15 Temmuz darbe girişiminin ardından ilk konuştuğum liderlerden birisi CHP Genel Başkanı Kemal Kılıçdaroğlu olmuştu. Hem şahsi itibariyle Kılıçdaroğlu hem de parti olarak CHP, 15 Temmuz darbe girişimi karşısında ama’sız, fakat’sız, ve’siz, veya’sız bir tavır koymuş, darbenin karşısında yer almıştı.

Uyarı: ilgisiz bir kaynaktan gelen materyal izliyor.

(* Let $P$ be a countable unital left cancellative semigroup, let $S$ be the inverse semigroup $\{v_{p_1}^*v_{q_1}\cdots v_{p_n}^*v_{q_n}: n\ge1,\ p_i,q_i\in P\}\cup\{0\}$ in $C^*(P)$ with idempotent semilattice $E=\{e_X:X\in\mathcal{J}(P)\}$, and let $\widehat{E}$ be the spectrum of $E$. Let $s\in S$ and let $\phi\in\widehat{E}$ be such that for all $X,Y\in\mathcal{J}(P)$ with $X\cup Y\in\mathcal{J}(P)$ one has $\phi(e_{X\cup Y})=\phi(e_X)+\phi(e_Y)-\phi(e_{X\cap Y})$. Then for all $X,Y\in\mathcal{J}(P)$ with $X\cup Y\in\mathcal{J}(P)$, $$\phi(s^*e_{X\cup Y}s)=\phi(s^*e_Xs)+\phi(s^*e_Ys)-\phi(s^*e_{X\cap Y}s).$$
   Context: For $p\in P$, $pX$ is the image of $X\subseteq P$ under $q\mapsto pq$ and $p^{-1}X=\{q\in P:pq\in X\}$. The constructible right ideals are $\mathcal{J}(P)=\{p_1^{-1}q_1\cdots p_n^{-1}q_nP: n\ge1,\ p_i,q_i\in P\}\cup\{\emptyset\}$. $C^*(P)$ is the universal unital C*-algebra generated by isometries $\{v_p\}_{p\in P}$ and projections $\{e_X\}_{X\in\mathcal{J}(P)}$ with $v_pv_q=v_{pq}$, $v_pe_Xv_p^*=e_{pX}$, $e_\emptyset=0$, $e_P=1$, and $e_Xe_Y=e_{X\cap Y}$. Note $s^*es\in E$ for $s\in S$, $e\in E$. The spectrum $\widehat{E}$ is the set of nonzero maps $\phi:E\to\{0,1\}$ with $\phi(0)=0$ and $\phi(ef)=\phi(e)\phi(f)$. *)

From HB Require Import structures.
From mathcomp Require Import all_boot all_algebra.
From mathcomp Require Import boolp classical_sets.
Set Implicit Arguments. Unset Strict Implicit. Unset Printing Implicit Defensive.
Import GRing.Theory.
Local Open Scope classical_set_scope.
Local Open Scope ring_scope.

Definition unital_left_cancellative (P : Type) (mul : P -> P -> P) (one : P) : Prop :=
  (forall a b c, mul a (mul b c) = mul (mul a b) c) /\
  (forall a, mul one a = a) /\ (forall a, mul a one = a) /\
  (forall a b c, mul a b = mul a c -> b = c).

Definition limg (P : Type) (mul : P -> P -> P) (p : P) (X : set P) : set P :=
  [set mul p x | x in X].
Definition lpre (P : Type) (mul : P -> P -> P) (p : P) (X : set P) : set P :=
  [set q | X (mul p q)].

(* For w = [:: (p1,q1); ...; (pn,qn)], the set p1^{-1} q1 ... pn^{-1} qn P. *)
Fixpoint word_ideal (P : Type) (mul : P -> P -> P) (w : seq (P * P)) : set P :=
  match w with
  | [::] => setT
  | (p, q) :: w' => lpre mul p (limg mul q (word_ideal mul w'))
  end.

Definition constructible (P : Type) (mul : P -> P -> P) (X : set P) : Prop :=
  X = set0 \/ exists w : seq (P * P), w <> [::] /\ X = word_ideal mul w.

(* A ring R with an involution star (a *-ring), together with isometries v_p
   and projections e_X (X \in J(P)) satisfying the defining relations of C*(P). *)
Definition Cstar_P_relations (P : Type) (mul : P -> P -> P) (R : nzRingType)
  (star : R -> R) (v : P -> R) (e : set P -> R) : Prop :=
  (forall x y, star (x * y) = star y * star x) /\
  (forall x, star (star x) = x) /\
  (forall x y, star (x + y) = star x + star y) /\
  (forall p, star (v p) * v p = 1) /\
  (forall p q, v (mul p q) = v p * v q) /\
  (forall X, constructible mul X -> star (e X) = e X) /\
  (forall p X, constructible mul X -> v p * e X * star (v p) = e (limg mul p X)) /\
  e set0 = 0 /\ e setT = 1 /\
  (forall X Y, constructible mul X -> constructible mul Y ->
     e X * e Y = e (X `&` Y)).

Fixpoint word_elt (P : Type) (R : nzRingType) (star : R -> R) (v : P -> R)
  (w : seq (P * P)) : R :=
  match w with
  | [::] => 1
  | (p, q) :: w' => star (v p) * v q * word_elt star v w'
  end.

Definition in_S (P : Type) (R : nzRingType) (star : R -> R) (v : P -> R) (s : R) : Prop :=
  s = 0 \/ exists w : seq (P * P), w <> [::] /\ s = word_elt star v w.

Definition in_E (P : Type) (mul : P -> P -> P) (R : nzRingType) (e : set P -> R) (x : R) : Prop :=
  exists X, constructible mul X /\ x = e X.

(* phi \in \hat E : phi restricted to E is a nonzero multiplicative {0,1}-valued map
   with phi(0) = 0 (values of phi outside E are irrelevant). *)
Definition in_spectrum (P : Type) (mul : P -> P -> P) (R : nzRingType) (e : set P -> R)
  (phi : R -> int) : Prop :=
  [/\ (forall x, in_E mul e x -> phi x = 0 \/ phi x = 1),
      phi 0 = 0,
      (forall x y, in_E mul e x -> in_E mul e y -> phi (x * y) = phi x * phi y) &
      exists x, in_E mul e x /\ phi x <> 0].

From Pilot Require Import Defs.
From HB Require Import structures.
From mathcomp Require Import all_boot all_algebra.
From mathcomp Require Import boolp classical_sets.
Import GRing.Theory.
Local Open Scope classical_set_scope.
Local Open Scope ring_scope.
Set Implicit Arguments. Unset Strict Implicit.

(* Conjugating by a generator word is a map on ideals: for
   s = v_{p1}^* v_{q1} ... v_{pn}^* v_{qn} one has s^* e_X s = e_{s^{-1}.X}, where
   s^{-1}.X is obtained from X by applying Y |-> q^{-1}(pY) for each letter (p, q).
   Each such map preserves constructibility and unions, and, by left cancellation,
   intersections; so the identity for s is the hypothesis applied to s^{-1}.X and
   s^{-1}.Y. *)

Section WordConjugation.

Variables (P : Type) (mul : P -> P -> P) (one : P).
Hypothesis mul1p : forall a, mul one a = a.
Hypothesis mulpI : forall a b c, mul a b = mul a c -> b = c.

Lemma lpre1 Y : lpre mul one Y = Y.
Proof. by apply/funext=> x; rewrite /lpre /= mul1p. Qed.

Lemma limg1 Y : Defs.limg mul one Y = Y.
Proof.
apply/seteqP; split=> x /=; first by case=> z Yz <-; rewrite mul1p.
by move=> Yx; exists x; rewrite ?mul1p.
Qed.

Lemma limg_set0 p : Defs.limg mul p set0 = set0.
Proof. by apply/seteqP; split=> x // [z]. Qed.

Lemma limgU p X Y :
  Defs.limg mul p (X `|` Y) = Defs.limg mul p X `|` Defs.limg mul p Y.
Proof.
apply/seteqP; split=> x /=.
- by case=> z [Xz|Yz] <-; [left|right]; exists z.
- by case=> -[z Hz <-]; exists z => //; [left|right].
Qed.

Lemma limgI p X Y :
  Defs.limg mul p (X `&` Y) = Defs.limg mul p X `&` Defs.limg mul p Y.
Proof.
apply/seteqP; split=> x /=; first by case=> z [Xz Yz] <-; split; exists z.
by case=> -[z Xz <-] [z' Yz' /mulpI zz']; exists z => //; split; rewrite // -zz'.
Qed.

Lemma lpre_limg_setT q X :
  X `&` Defs.limg mul q setT = Defs.limg mul q (lpre mul q X).
Proof.
apply/seteqP; split=> x /=; first by case=> Xx [z _ qz]; exists z; rewrite // /lpre /= qz.
by case=> z Xqz <-; split; last exists z.
Qed.

Lemma setI_lpre_limg p q X W :
  X `&` lpre mul p (Defs.limg mul q W) =
  lpre mul p (Defs.limg mul q (lpre mul q (Defs.limg mul p X) `&` W)).
Proof.
apply/seteqP; split=> x /=.
- by case=> Xx [y Wy qy]; exists y => //; split => //; rewrite /lpre /= qy; exists x.
- case=> y [[x' Xx' px'] Wy] qy; split; last by exists y.
  by rewrite qy in px'; rewrite -(mulpI px').
Qed.

Lemma constructible_limg p X :
  constructible mul X -> constructible mul (Defs.limg mul p X).
Proof.
case=> [->|[w [_ ->]]]; first by left; rewrite limg_set0.
by right; exists ((one, p) :: w); split => //=; rewrite lpre1.
Qed.

Lemma constructible_lpre p X :
  constructible mul X -> constructible mul (lpre mul p X).
Proof.
case=> [->|[w [_ ->]]]; first by left.
by right; exists ((p, one) :: w); split => //=; rewrite limg1.
Qed.

Lemma constructible_setT : constructible mul setT.
Proof. by right; exists [:: (one, one)]; split => //=; rewrite limg1 lpre1. Qed.

Lemma constructible_setI_word_ideal w X :
  constructible mul X -> constructible mul (X `&` word_ideal mul w).
Proof.
elim: w X => [|[p q] w IHw] X cX /=; first by rewrite setIT.
rewrite setI_lpre_limg; apply/constructible_lpre/constructible_limg/IHw.
exact/constructible_lpre/constructible_limg.
Qed.

Lemma constructible_setI X Y :
  constructible mul X -> constructible mul Y -> constructible mul (X `&` Y).
Proof.
move=> cX [->|[w [_ ->]]]; first by left; rewrite setI0.
exact: constructible_setI_word_ideal.
Qed.

Fixpoint word_conj (w : seq (P * P)) (X : set P) : set P :=
  if w is (p, q) :: w' then word_conj w' (lpre mul q (Defs.limg mul p X)) else X.

Lemma constructible_word_conj w X :
  constructible mul X -> constructible mul (word_conj w X).
Proof.
elim: w X => [//|[p q] w IHw] X cX /=.
exact/IHw/constructible_lpre/constructible_limg.
Qed.

Lemma word_conjU w X Y : word_conj w (X `|` Y) = word_conj w X `|` word_conj w Y.
Proof. by elim: w X Y => [//|[p q] w IHw] X Y /=; rewrite limgU IHw. Qed.

Lemma word_conjI w X Y : word_conj w (X `&` Y) = word_conj w X `&` word_conj w Y.
Proof. by elim: w X Y => [//|[p q] w IHw] X Y /=; rewrite limgI IHw. Qed.

Variables (R : nzRingType) (star : R -> R) (v : P -> R) (e : set P -> R).
Hypothesis hrel : Cstar_P_relations mul star v e.

Lemma star1 : star 1 = 1.
Proof.
have [starM [starK _]] := hrel.
by rewrite -[star 1]mulr1 -{2}(starK 1) -starM mulr1 starK.
Qed.

(* v_q = e_{qP} v_q, and e_X e_{qP} = e_{q (q^{-1} X)} = v_q e_{q^{-1} X} v_q^*. *)
Lemma conj_isometry q X :
  constructible mul X -> star (v q) * e X * v q = e (lpre mul q X).
Proof.
have [_ [_ [_ [vK [_ [_ [conj_v [_ [e_setT e_setI]]]]]]]]] := hrel.
move=> cX; have cT := constructible_setT.
have vqE : v q = e (Defs.limg mul q setT) * v q.
  by rewrite -conj_v // e_setT mulr1 -mulrA vK mulr1.
rewrite {2}vqE mulrA -(mulrA _ (e X)) e_setI //; last exact: constructible_limg.
rewrite lpre_limg_setT -conj_v; last exact: constructible_lpre.
by rewrite !mulrA vK mul1r -mulrA vK mulr1.
Qed.

Lemma word_elt_conj w X :
  constructible mul X ->
  star (word_elt star v w) * e X * word_elt star v w = e (word_conj w X).
Proof.
have [starM [starK _]] := hrel.
have [_ [_ [_ [_ [_ [_ [conj_v _]]]]]]] := hrel.
elim: w X => [|[p q] w IHw] X cX /=; first by rewrite star1 mul1r mulr1.
rewrite !starM starK -IHw; last exact/constructible_lpre/constructible_limg.
rewrite -(conj_isometry q (constructible_limg p cX)) -(conj_v p X cX).
by rewrite !mulrA.
Qed.

End WordConjugation.

Theorem mainTheorem2 (P : countType) (mul : P -> P -> P) (one : P)
  (R : nzRingType) (star : R -> R) (v : P -> R) (e : set P -> R)
  (hP : unital_left_cancellative mul one)
  (hrel : Cstar_P_relations mul star v e)
  (s : R) (hs : in_S star v s)
  (phi : R -> int) (hphi : in_spectrum mul e phi)
  (hadd : forall X Y, constructible mul X -> constructible mul Y ->
     constructible mul (X `|` Y) ->
     phi (e (X `|` Y)) = phi (e X) + phi (e Y) - phi (e (X `&` Y))) :
  forall X Y, constructible mul X -> constructible mul Y ->
     constructible mul (X `|` Y) ->
     phi (star s * e (X `|` Y) * s) =
       phi (star s * e X * s) + phi (star s * e Y * s) - phi (star s * e (X `&` Y) * s).
Proof.
move=> X Y cX cY cXY.
have [_ [mul1p [_ mulpI]]] := hP.
case: hs => [->|[w [_ ->]]].
  by case: hphi => _ phi0 _ _; rewrite !mulr0 phi0.
have cXIY := constructible_setI mul1p mulpI cX cY.
rewrite !(word_elt_conj mul1p hrel) // word_conjU word_conjI //.
by apply: hadd; rewrite -?word_conjU; apply: constructible_word_conj.
Qed.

Geçmişi darbelerle anılan bir partinin lideri olarak Kılıçdaroğlu’nun darbeye karşı duruşu önemliydi. CHP milletvekillerinin darbe gecesi Meclis’e koşup demokrasinin yanında yer almaları değerliydi.

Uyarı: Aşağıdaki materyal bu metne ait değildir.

(* Let $\mathcal P$ and $\mathrm{conv}(\mathcal P)$ be as in the context. Let $\mathcal S\subseteq[1,\min\{L,T-2,\lfloor(\overline C-\overline V)/V\rfloor\}]_{\mathbb Z}$ and let $\eta$ be a real number with $0\le\eta\le\min\{L,(\overline C-\overline V)/V\}$. For any $t\in[2,T]_{\mathbb Z}$ with $t\ge s+2$ for all $s\in\mathcal S$, the inequality $$x_t\le(\overline V+\eta V)y_t+(\overline C-\overline V-\eta V)y_{t-1}-\sum_{s\in\mathcal S}(\overline C-\overline V-sV)(y_{t-s}-y_{t-s-1})\qquad(\ast)$$ is valid for $\mathrm{conv}(\mathcal P)$. For any $t\in[1,T-1]_{\mathbb Z}$ with $t\le T-s-1$ for all $s\in\mathcal S$, the inequality $$x_t\le(\overline V+\eta V)y_t+(\overline C-\overline V-\eta V)y_{t+1}-\sum_{s\in\mathcal S}(\overline C-\overline V-sV)(y_{t+s}-y_{t+s+1})\qquad(\ast\ast)$$ is valid for $\mathrm{conv}(\mathcal P)$. Furthermore, $(\ast)$ and $(\ast\ast)$ are facet-defining for $\mathrm{conv}(\mathcal P)$ when $\eta\in\{0,(\overline C-\overline V)/V\}$ or $\eta=L\in\mathcal S$.
   Context: For integers $a,b$, $[a,b]_{\mathbb Z}=\{a,a+1,\dots,b\}$ if $a\le b$ and $\emptyset$ otherwise. Fix a positive integer $T$, positive integers $L$ (minimum up time) and $\ell$ (minimum down time), and reals $\overline C,\underline C,V,\overline V$ with $\overline C>\underline C>0$, $V>0$, $\overline V+V\le\overline C$ and $\underline C<\overline V<\underline C+V$. $\mathcal P$ is the set of $(\mathbf x,\mathbf y)=((x_1,\dots,x_T),(y_1,\dots,y_T))\in\mathbb R_+^T\times\{0,1\}^T$ satisfying: (i) $-y_{t-1}+y_t-y_k\le 0$ for all $t\in[2,T]_{\mathbb Z}$, $k\in[t,\min\{T,t+L-1\}]_{\mathbb Z}$; (ii) $y_{t-1}-y_t+y_k\le 1$ for all $t\in[2,T]_{\mathbb Z}$, $k\in[t,\min\{T,t+\ell-1\}]_{\mathbb Z}$; (iii) $-x_t+\underline C y_t\le 0$ and $x_t-\overline C y_t\le 0$ for all $t\in[1,T]_{\mathbb Z}$; (iv) $x_t-x_{t-1}\le Vy_{t-1}+\overline V(1-y_{t-1})$ for all $t\in[2,T]_{\mathbb Z}$; (v) $x_{t-1}-x_t\le Vy_t+\overline V(1-y_t)$ for all $t\in[2,T]_{\mathbb Z}$. $\mathrm{conv}(\mathcal P)\subseteq\mathbb R^{2T}$ is its convex hull. A linear inequality is valid for $\mathrm{conv}(\mathcal P)$ if all its points satisfy it, and facet-defining if moreover the set of points of $\mathrm{conv}(\mathcal P)$ satisfying it with equality has dimension $\dim\mathrm{conv}(\mathcal P)-1$. *)

From Stdlib Require Import Reals Lra Lia List.
Open Scope R_scope.

(* A point of R^{2T} is encoded as a pair (x, y) of functions nat -> R whose
   coordinates x_t, y_t for t in [1,T] are the meaningful ones; points of the
   set P (and hence of conv P) are required to vanish outside [1,T], so the
   set of such pairs is a faithful copy of R^T x R^T. *)
Definition point := ((nat -> R) * (nat -> R))%type.

Definition inP (T L l : nat) (Cb Cu V Vb : R) (z : point) : Prop :=
  let x := fst z in let y := snd z in
  (forall t, (t < 1 \/ T < t)%nat -> x t = 0 /\ y t = 0) /\
  (forall t, (1 <= t <= T)%nat -> 0 <= x t /\ (y t = 0 \/ y t = 1)) /\
  (* (i) minimum up time *)
  (forall t k, (2 <= t <= T)%nat -> (t <= k <= Nat.min T (t + L - 1))%nat ->
      - y (t - 1)%nat + y t - y k <= 0) /\
  (* (ii) minimum down time *)
  (forall t k, (2 <= t <= T)%nat -> (t <= k <= Nat.min T (t + l - 1))%nat ->
      y (t - 1)%nat - y t + y k <= 1) /\
  (forall t, (1 <= t <= T)%nat -> - x t + Cu * y t <= 0 /\ x t - Cb * y t <= 0) /\
  (forall t, (2 <= t <= T)%nat ->
      x t - x (t - 1)%nat <= V * y (t - 1)%nat + Vb * (1 - y (t - 1)%nat)) /\
  (forall t, (2 <= t <= T)%nat ->
      x (t - 1)%nat - x t <= V * y t + Vb * (1 - y t)).

(* Convex hull of a set of points: finite convex combinations
   (sum_f_R0 f k = f 0 + ... + f k). *)
Definition conv (A : point -> Prop) (z : point) : Prop :=
  exists (k : nat) (lam : nat -> R) (p : nat -> point),
    (forall i, (i <= k)%nat -> 0 <= lam i /\ A (p i)) /\
    sum_f_R0 lam k = 1 /\
    (forall t, fst z t = sum_f_R0 (fun i => lam i * fst (p i) t) k /\
               snd z t = sum_f_R0 (fun i => lam i * snd (p i) t) k).

Definition aff_indep (p : nat -> point) (k : nat) : Prop :=
  forall lam : nat -> R,
    sum_f_R0 lam k = 0 ->
    (forall t, sum_f_R0 (fun i => lam i * fst (p i) t) k = 0 /\
               sum_f_R0 (fun i => lam i * snd (p i) t) k = 0) ->
    forall i, (i <= k)%nat -> lam i = 0.

Definition affdim (A : point -> Prop) (d : nat) : Prop :=
  (exists p : nat -> point, (forall i, (i <= d)%nat -> A (p i)) /\ aff_indep p d) /\
  (forall p : nat -> point, (forall i, (i <= Datatypes.S d)%nat -> A (p i)) -> ~ aff_indep p (Datatypes.S d)).

Definition valid (C : point -> Prop) (lhs rhs : point -> R) : Prop :=
  forall z, C z -> lhs z <= rhs z.

Definition facet_defining (C : point -> Prop) (lhs rhs : point -> R) : Prop :=
  valid C lhs rhs /\
  exists d : nat, affdim C (Datatypes.S d) /\ affdim (fun z => C z /\ lhs z = rhs z) d.

(* sum over the list of s in S (S is duplicate-free) *)
Definition lsum (Sl : list nat) (f : nat -> R) : R :=
  fold_right (fun s acc => f s + acc) 0 Sl.

Definition rhs_back (Cb V Vb eta : R) (Sl : list nat) (t : nat) (z : point) : R :=
  let y := snd z in
  (Vb + eta * V) * y t + (Cb - Vb - eta * V) * y (t - 1)%nat
  - lsum Sl (fun s => (Cb - Vb - INR s * V) * (y (t - s)%nat - y (t - s - 1)%nat)).

Definition rhs_fwd (Cb V Vb eta : R) (Sl : list nat) (t : nat) (z : point) : R :=
  let y := snd z in
  (Vb + eta * V) * y t + (Cb - Vb - eta * V) * y (t + 1)%nat
  - lsum Sl (fun s => (Cb - Vb - INR s * V) * (y (t + s)%nat - y (t + s + 1)%nat)).

From Stdlib Require Import Reals List ZArith Lra Lia Classical.
Open Scope R_scope.

(* Validity is checked on P itself: every term of the sum is nonpositive except
   for the (at most one, by the minimum up time) [s] with a startup at [t - s],
   and that term is paid for by the ramp-up bound [x_t <= Vb + s V] along the
   run starting at [t - s].  For the facets, [conv P] has dimension [2T] and the
   face contains [2T] affinely independent points: made triangular with respect
   to the functionals [y_1], [x_k - Cb y_k] ([k <> t]), the jumps
   [y_a - y_(a-1)] ([a >= 2]) and [rhs - x_t], where each jump is realised by a
   single run of the unit lying on the face.  Finally P is invariant under
   reversing time, which turns (ast ast) at [t] into (ast) at [T + 1 - t]. *)

Ltac decide_nat_tests :=
  repeat match goal with
  | |- context [(?a =? ?b)%nat] =>
      first [rewrite (proj2 (Nat.eqb_eq a b)) by lia | rewrite (proj2 (Nat.eqb_neq a b)) by lia]
  | |- context [(?a <=? ?b)%nat] =>
      first [rewrite (proj2 (Nat.leb_le a b)) by lia | rewrite (proj2 (Nat.leb_nle a b)) by lia]
  | |- context [(?a <? ?b)%nat] =>
      first [rewrite (proj2 (Nat.ltb_lt a b)) by lia | rewrite (proj2 (Nat.ltb_nlt a b)) by lia]
  end.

Meclis Başkanı İsmail Kahraman tarihi oturumu açtığı sırada CHP milletvekillerinin Genel Kurul salonuna girdiğini görünce, kürsüden inerek yanlarına gelmiş, “Size birer demokrasi öpücüğü vereyim” diyerek kucaklamıştı.
Bu tespitlerin ardından biz yine darbe gecesine dönelim.
Darbeci askerlerin Boğaziçi Köprüsü’ne çıktığı saatlerde Kemal Kılıçdaroğlu, 21.50 uçağıyla İstanbul’a gidiyordu. 1-a numaralı koltukta Kılıçdaroğlu, 1-b’de ise AK Parti Genel Başkan Yardımcısı Hayati Yazıcı oturuyor. Uçağın tekeri Atatürk Havalimanı’nın pistine 23.00 civarında değiyor. Uçak körüğe yanaşırken, cep telefonunu açıp, askerlerin köprüye çıktığı haberini gören basın danışmanı Okan Konuralp hemen Kılıçdaroğlu’na koşup bilgi veriyor. Kılıçdaroğlu’na o an haberi alınca ne düşündüğünü sordum. “Arkadaşlar iki köprünün kapatıldığı ve uçakların uçmadığını haber verince önce espri yapıyorlar zannettim” dedi. Ama espri yapılacak bir durum yoktu. Kılıçdaroğlu, kısa süre içinde bir darbe ile karşı karşıya olduğumuzu fark ediyor. O sırada yanındaki koltukta oturan Hayati Yazıcı’ya dönüyor. “Darbeye karşıyız Hayati Bey” diyor. Apar topar VIP salonuna geçiyorlar. “Ankara’ya dönmek istedim, ‘Uçaklar kalkmıyor’ dediler. ‘Havaalanından çıkalım’ dedim, ‘Tanklar kapatmış’ dediler.”